- WORK ORDER -
The records below hold a stretch from the line with "Record Cplx := mkC" through the line with "fun n => Cmul (RtoC (INR (S n))) (a (S n))."; return exactly those lines, ends included, and nothing more.

[Saved entries]
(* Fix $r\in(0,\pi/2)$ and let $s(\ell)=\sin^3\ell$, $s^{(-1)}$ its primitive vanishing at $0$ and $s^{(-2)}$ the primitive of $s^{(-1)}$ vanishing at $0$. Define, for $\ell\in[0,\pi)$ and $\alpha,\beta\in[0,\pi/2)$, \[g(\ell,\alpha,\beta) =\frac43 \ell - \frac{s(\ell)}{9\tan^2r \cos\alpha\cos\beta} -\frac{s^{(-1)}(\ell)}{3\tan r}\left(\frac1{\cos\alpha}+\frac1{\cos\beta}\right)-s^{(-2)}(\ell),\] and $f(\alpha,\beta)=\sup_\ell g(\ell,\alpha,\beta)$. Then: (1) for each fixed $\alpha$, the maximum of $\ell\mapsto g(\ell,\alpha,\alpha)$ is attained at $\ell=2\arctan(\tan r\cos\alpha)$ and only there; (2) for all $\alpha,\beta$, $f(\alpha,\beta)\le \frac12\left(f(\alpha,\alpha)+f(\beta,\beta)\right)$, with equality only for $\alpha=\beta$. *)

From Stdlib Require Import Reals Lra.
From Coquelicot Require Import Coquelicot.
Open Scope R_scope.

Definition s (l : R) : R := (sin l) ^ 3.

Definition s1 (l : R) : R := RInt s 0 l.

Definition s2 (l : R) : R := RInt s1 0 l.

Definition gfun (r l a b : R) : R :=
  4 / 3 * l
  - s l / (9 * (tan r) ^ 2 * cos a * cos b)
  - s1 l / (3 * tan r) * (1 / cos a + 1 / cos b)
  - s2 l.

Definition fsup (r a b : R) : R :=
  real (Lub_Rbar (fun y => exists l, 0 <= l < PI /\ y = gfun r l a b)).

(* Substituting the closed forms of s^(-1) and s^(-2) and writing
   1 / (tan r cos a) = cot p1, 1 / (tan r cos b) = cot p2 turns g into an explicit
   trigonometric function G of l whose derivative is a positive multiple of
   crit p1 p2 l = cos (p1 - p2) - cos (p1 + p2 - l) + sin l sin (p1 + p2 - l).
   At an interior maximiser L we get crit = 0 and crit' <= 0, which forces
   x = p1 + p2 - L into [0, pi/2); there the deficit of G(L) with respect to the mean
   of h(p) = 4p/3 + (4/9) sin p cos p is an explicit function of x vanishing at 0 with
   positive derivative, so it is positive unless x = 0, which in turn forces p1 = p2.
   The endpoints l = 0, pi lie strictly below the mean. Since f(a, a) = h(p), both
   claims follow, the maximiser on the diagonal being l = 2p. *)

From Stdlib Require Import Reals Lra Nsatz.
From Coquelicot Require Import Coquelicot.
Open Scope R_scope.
* * *
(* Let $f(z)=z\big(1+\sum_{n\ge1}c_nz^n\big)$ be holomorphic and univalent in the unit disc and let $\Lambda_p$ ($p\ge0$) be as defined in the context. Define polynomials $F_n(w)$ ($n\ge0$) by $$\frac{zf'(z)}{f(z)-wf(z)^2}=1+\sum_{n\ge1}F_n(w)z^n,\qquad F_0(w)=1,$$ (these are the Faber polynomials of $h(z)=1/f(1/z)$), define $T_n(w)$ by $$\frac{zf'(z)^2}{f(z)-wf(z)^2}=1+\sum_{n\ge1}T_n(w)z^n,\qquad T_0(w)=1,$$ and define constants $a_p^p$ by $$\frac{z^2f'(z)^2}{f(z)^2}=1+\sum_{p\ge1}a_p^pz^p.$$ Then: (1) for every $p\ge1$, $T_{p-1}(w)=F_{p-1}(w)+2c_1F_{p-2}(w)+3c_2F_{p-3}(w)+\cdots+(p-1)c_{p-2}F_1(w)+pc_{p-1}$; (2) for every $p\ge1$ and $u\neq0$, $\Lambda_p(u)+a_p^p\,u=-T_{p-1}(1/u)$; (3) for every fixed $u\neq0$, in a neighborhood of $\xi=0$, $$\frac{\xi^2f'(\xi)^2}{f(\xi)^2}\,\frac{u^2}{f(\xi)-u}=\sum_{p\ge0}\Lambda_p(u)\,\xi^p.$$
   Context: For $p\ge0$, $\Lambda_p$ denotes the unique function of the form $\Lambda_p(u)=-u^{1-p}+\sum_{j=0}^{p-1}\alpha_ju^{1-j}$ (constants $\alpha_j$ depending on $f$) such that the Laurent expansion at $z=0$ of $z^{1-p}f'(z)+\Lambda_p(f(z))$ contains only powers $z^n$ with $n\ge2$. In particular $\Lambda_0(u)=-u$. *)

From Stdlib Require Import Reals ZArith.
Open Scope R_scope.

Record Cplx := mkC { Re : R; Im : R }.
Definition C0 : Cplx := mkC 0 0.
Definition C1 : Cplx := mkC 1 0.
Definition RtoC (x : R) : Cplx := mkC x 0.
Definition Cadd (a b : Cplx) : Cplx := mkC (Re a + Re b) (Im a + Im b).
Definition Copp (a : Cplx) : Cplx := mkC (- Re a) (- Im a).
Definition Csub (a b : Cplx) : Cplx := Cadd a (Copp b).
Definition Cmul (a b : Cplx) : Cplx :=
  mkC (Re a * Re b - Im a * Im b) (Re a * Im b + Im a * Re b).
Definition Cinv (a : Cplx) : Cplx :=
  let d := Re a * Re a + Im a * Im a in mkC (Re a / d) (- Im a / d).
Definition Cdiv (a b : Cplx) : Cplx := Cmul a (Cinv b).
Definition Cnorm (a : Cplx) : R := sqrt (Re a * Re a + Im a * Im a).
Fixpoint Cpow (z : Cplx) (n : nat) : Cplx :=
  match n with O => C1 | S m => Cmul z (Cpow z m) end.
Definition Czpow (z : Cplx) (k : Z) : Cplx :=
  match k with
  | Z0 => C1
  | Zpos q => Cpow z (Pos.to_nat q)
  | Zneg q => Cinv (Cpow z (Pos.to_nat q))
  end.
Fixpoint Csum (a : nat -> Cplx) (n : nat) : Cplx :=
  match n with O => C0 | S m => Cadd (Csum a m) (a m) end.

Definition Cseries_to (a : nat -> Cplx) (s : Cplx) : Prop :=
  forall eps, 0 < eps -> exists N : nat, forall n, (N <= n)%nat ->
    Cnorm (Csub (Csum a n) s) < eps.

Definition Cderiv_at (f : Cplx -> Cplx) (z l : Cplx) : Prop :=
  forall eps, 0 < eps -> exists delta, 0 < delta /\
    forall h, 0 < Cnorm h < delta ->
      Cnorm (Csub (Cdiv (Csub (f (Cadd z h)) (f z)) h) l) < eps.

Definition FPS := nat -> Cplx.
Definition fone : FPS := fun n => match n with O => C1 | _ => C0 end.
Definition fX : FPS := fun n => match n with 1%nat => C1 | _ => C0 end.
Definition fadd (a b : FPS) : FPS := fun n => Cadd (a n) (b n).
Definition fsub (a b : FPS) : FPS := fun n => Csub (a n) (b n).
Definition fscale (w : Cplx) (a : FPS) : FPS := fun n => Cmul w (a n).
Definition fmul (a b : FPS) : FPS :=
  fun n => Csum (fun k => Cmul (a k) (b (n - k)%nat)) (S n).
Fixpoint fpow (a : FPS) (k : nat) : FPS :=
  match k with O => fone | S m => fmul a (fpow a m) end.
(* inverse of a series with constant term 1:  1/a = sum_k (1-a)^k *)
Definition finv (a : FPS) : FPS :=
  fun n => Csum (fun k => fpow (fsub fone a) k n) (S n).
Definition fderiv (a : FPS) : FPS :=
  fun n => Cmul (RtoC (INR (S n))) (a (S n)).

- RESPONSE -
Record Cplx := mkC { Re : R; Im : R }.
Definition C0 : Cplx := mkC 0 0.
Definition C1 : Cplx := mkC 1 0.
Definition RtoC (x : R) : Cplx := mkC x 0.
Definition Cadd (a b : Cplx) : Cplx := mkC (Re a + Re b) (Im a + Im b).
Definition Copp (a : Cplx) : Cplx := mkC (- Re a) (- Im a).
Definition Csub (a b : Cplx) : Cplx := Cadd a (Copp b).
Definition Cmul (a b : Cplx) : Cplx :=
  mkC (Re a * Re b - Im a * Im b) (Re a * Im b + Im a * Re b).
Definition Cinv (a : Cplx) : Cplx :=
  let d := Re a * Re a + Im a * Im a in mkC (Re a / d) (- Im a / d).
Definition Cdiv (a b : Cplx) : Cplx := Cmul a (Cinv b).
Definition Cnorm (a : Cplx) : R := sqrt (Re a * Re a + Im a * Im a).
Fixpoint Cpow (z : Cplx) (n : nat) : Cplx :=
  match n with O => C1 | S m => Cmul z (Cpow z m) end.
Definition Czpow (z : Cplx) (k : Z) : Cplx :=
  match k with
  | Z0 => C1
  | Zpos q => Cpow z (Pos.to_nat q)
  | Zneg q => Cinv (Cpow z (Pos.to_nat q))
  end.
Fixpoint Csum (a : nat -> Cplx) (n : nat) : Cplx :=
  match n with O => C0 | S m => Cadd (Csum a m) (a m) end.

Definition Cseries_to (a : nat -> Cplx) (s : Cplx) : Prop :=
  forall eps, 0 < eps -> exists N : nat, forall n, (N <= n)%nat ->
    Cnorm (Csub (Csum a n) s) < eps.

Definition Cderiv_at (f : Cplx -> Cplx) (z l : Cplx) : Prop :=
  forall eps, 0 < eps -> exists delta, 0 < delta /\
    forall h, 0 < Cnorm h < delta ->
      Cnorm (Csub (Cdiv (Csub (f (Cadd z h)) (f z)) h) l) < eps.

Definition FPS := nat -> Cplx.
Definition fone : FPS := fun n => match n with O => C1 | _ => C0 end.
Definition fX : FPS := fun n => match n with 1%nat => C1 | _ => C0 end.
Definition fadd (a b : FPS) : FPS := fun n => Cadd (a n) (b n).
Definition fsub (a b : FPS) : FPS := fun n => Csub (a n) (b n).
Definition fscale (w : Cplx) (a : FPS) : FPS := fun n => Cmul w (a n).
Definition fmul (a b : FPS) : FPS :=
  fun n => Csum (fun k => Cmul (a k) (b (n - k)%nat)) (S n).
Fixpoint fpow (a : FPS) (k : nat) : FPS :=
  match k with O => fone | S m => fmul a (fpow a m) end.
(* inverse of a series with constant term 1:  1/a = sum_k (1-a)^k *)
Definition finv (a : FPS) : FPS :=
  fun n => Csum (fun k => fpow (fsub fone a) k n) (S n).
Definition fderiv (a : FPS) : FPS :=
  fun n => Cmul (RtoC (INR (S n))) (a (S n)).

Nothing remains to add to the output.